Grant Foster’s 1995 CLEANest Fourier Spectrum paper (Foster, G., 1995, “The CLEANest Fourier Spectrum”, The Astronomical Journal, vol 109, no 4, 1889–1902) gives a number of examples of applying the CLEANest algorithm to datasets, artificial and real. Two of these use AAVSO visual magnitude estimates: S Ori and AA Cas.
This post shows VStar’s CLEANest implementation applied to AA Cas. Foster 1995 uses an AA Cas dataset in the JD range 2447500 to 2449500. The following shows that dataset loaded from the AAVSO International Database (AID) via VStar’s file menu.
A DCDFT with frequency range can be initiated from VStar’s Analysis menu, selecting the Visual band and specifying minimum and maximum frequencies, the range over which to scan, and frequency resolution over the range.
This results in the following power spectrum (in the Power vs Frequency pane) with the orange squares showing peaks or “top hits”.
These top hits are shown in the next diagram in tabular form.
In this example, seven top hits have been selected using combinations of shift-click and control-click (Windows) or command-click (Mac). The initial input values to CLEANest are not stated in Foster 1995 (section 5, page 1900), but the rows selected above fairly closely correspond to what I think they should be.

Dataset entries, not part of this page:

Lemma quotient_near_net n t r eta : 0 < t < 1 -> 0 < r <= 1 -> vdist (xt t) q <= eta ->
  Qp (vsub (x n) q) (vsub (f q) q) r
    <= Qp (vsub (x n) (xt t)) (vsub (f (xt t)) (xt t)) r + eta * L / r.
Proof.
  intros Ht Hr Htq. destruct (Hxt t Ht) as [HtD _]. pose proof limit_in_D as HqD.
  assert (Heta : 0 <= eta) by (pose proof (vdist_ge0 (xt t) q); lra).
  pose proof Kc_pos. pose proof U_pos.
  eapply Rle_trans;
    [apply (Qp_lipschitz (vsub (x n) q) (vsub (f q) q) (vsub (x n) (xt t))
              (vsub (f (xt t)) (xt t)) r Kc U eta ((a + 1) * eta)); try lra|].
  - apply iterates_near_limit.
  - change (vdist (x n) (xt t) <= Kc). rewrite vdist_sym. apply (iterates_near_net n t Ht).
  - apply f_displacement; [exact HqD | apply limit_bounded].
  - apply f_displacement; [exact HtD|]. pose proof (net_bounded t Ht). lra.
  - replace (vsub (vsub (x n) q) (vsub (x n) (xt t))) with (vsub (xt t) q) by vlin. exact Htq.
  - replace (vsub (vsub (f q) q) (vsub (f (xt t)) (xt t)))
      with (vadd (vsub (f q) (f (xt t))) (vsub (xt t) q)) by vlin.
    eapply Rle_trans; [apply vnorm_triangle|].
    change (vdist (f q) (f (xt t)) + vdist (xt t) q <= (a + 1) * eta).
    pose proof (Hfc q (xt t) HqD HtD) as Hfq. rewrite (vdist_sym q (xt t)) in Hfq.
    assert (a * vdist (xt t) q <= a * eta) by (apply Rmult_le_compat_l; lra). lra.
  - apply Rplus_le_compat_l. unfold Rdiv. apply Rmult_le_compat_r; [left; apply Rinv_0_lt_compat; lra|].
    assert (r * ((a + 1) * eta) <= (a + 1) * eta)
      by (rewrite <- (Rmult_1_l ((a + 1) * eta)) at 2; apply Rmult_le_compat_r; nra).
    assert (2 * (Kc + U) * (eta + r * ((a + 1) * eta)) <= 2 * (Kc + U) * (eta + (a + 1) * eta))
      by (apply Rmult_le_compat_l; lra).
    unfold L. lra.
Qed.

(* the analogue of  limsup_n <f q - q, J(x_n - q)> <= 0 *)
Lemma limsup_quotient e : 0 < e -> exists r, 0 < r /\
  exists N, forall n, (N <= n)%nat -> Qp (vsub (x n) q) (vsub (f q) q) r <= e.
Proof.
  intros He. set (e' := e / 4).
  assert (He' : 0 < e') by (unfold e'; lra).
  pose proof Kc_pos as HKc. pose proof U_pos as HU.
  destruct (smooth_second_difference Hus Kc U e' Kc_pos U_pos He') as [r0 [Hr0 Hgap]].
  set (r := Rmin r0 1).
  assert (Hr : 0 < r <= r0 /\ r <= 1)
    by (unfold r; split; [split; [apply Rmin_pos; lra | apply Rmin_l] | apply Rmin_r]).
  assert (HL : 0 < L) by (unfold L; nra).
  set (eta := e' * r / L).
  assert (Heta : 0 < eta) by (unfold eta, e'; apply Rdiv_lt_0_compat; nra).
  destruct (net_near_limit eta Heta) as [t [Ht [_ Htq]]].
  destruct (Hxt t Ht) as [HtD _].
  set (s := t / (1 - t)).
  assert (Hs : 0 < s) by (unfold s; apply Rdiv_lt_0_compat; lra).
  set (gam := Rmin 1 (s * e' / (2 * Kc + 1))).
  assert (Hgam : 0 < gam) by (unfold gam, e'; apply Rmin_pos; [lra | apply Rdiv_lt_0_compat; nra]).
  destruct (Un_cv_0_lt _ HTx gam Hgam) as [N HN].
  exists r. split; [lra|]. exists N. intros n Hn.
  specialize (HN n Hn). cbv beta in HN. pose proof (iterates_in_D n) as HxD.
  pose proof (net_variational (x n) t r HxD Ht ltac:(lra)) as Hvar. cbv zeta in Hvar.
  set (z := vsub (xt t) (x n)) in Hvar. set (u := vsub (f (xt t)) (xt t)) in Hvar.
  set (g := vdist (T (x n)) (x n)) in Hvar, HN.
  assert (Hz : vnorm z <= Kc) by apply (iterates_near_net n t Ht).
  assert (Hu : vnorm u <= U).
  { apply f_displacement; [exact HtD|]. pose proof (net_bounded t Ht). lra. }
  assert (Hsmooth : (hq z u r + hq z u (- r) - 2 * vnorm z ^ 2) / r <= e')
    by (apply div_le_of_le_mul; [lra | apply Hgap; lra]).
  assert (Hnearfix : (2 * vnorm z * g + g ^ 2) / s <= e').
  { apply div_le_of_le_mul; [exact Hs|].
    assert (Hg1 : g <= 1) by (assert (gam <= 1) by apply Rmin_l; lra).
    assert (Hg2 : g <= s * e' / (2 * Kc + 1)) by (assert (gam <= s * e' / (2 * Kc + 1)) by apply Rmin_r; lra).
    apply (Rmult_le_compat_r (2 * Kc + 1)) in Hg2; [|lra].
    replace (s * e' / (2 * Kc + 1) * (2 * Kc + 1)) with (e' * s) in Hg2 by (field; lra).
    assert (0 <= g) by apply vdist_ge0.
    assert (vnorm z * g <= Kc * g) by (apply Rmult_le_compat_r; lra). nra. }
  pose proof (quotient_near_net n t r eta Ht ltac:(lra) ltac:(lra)) as Hnear.
  replace (eta * L / r) with e' in Hnear by (unfold eta; field; lra).
  change (vsub (f (xt t)) (xt t)) with u in Hnear. change (t / (1 - t)) with s in Hvar.
  unfold e' in *. lra.
Qed.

Clicking the CLEANest button opens this dialog from the Top Hits pane.
Clicking OK here adds seven new top hits with the same power value, shown multiply-selected in the top hits list and annotated on the power spectrum.
Now click Create Model in the Top Hits pane and the following dialog will open.
Click OK and the main plot will have an additional “model” series added. Dismiss the main DCDFT dialog to return to the main VStar window.
Something on my TODO list is to make the model series continuous rather than discrete as it currently appears. The residuals for this model can be viewed by opening the Plot Control dialog from the View menu and setting it as shown, including changing the Days per Mean Series Bin (and clicking Apply).
Dismissing the dialog changes the plot to look like this.
Performing a DCDFT on the residuals with the same frequency parameters as for the visual series, but by selecting the residuals gives the following power spectrum.
Looking at the Power axis suggests that there is very little discrimination between any of the frequencies.
In addition, the ANOVA value in the Info dialog (File menu) also suggests that there is unlikely to be any signal remaining to be found in the residuals, i.e. the null hypothesis that there is no significant signal present should be accepted.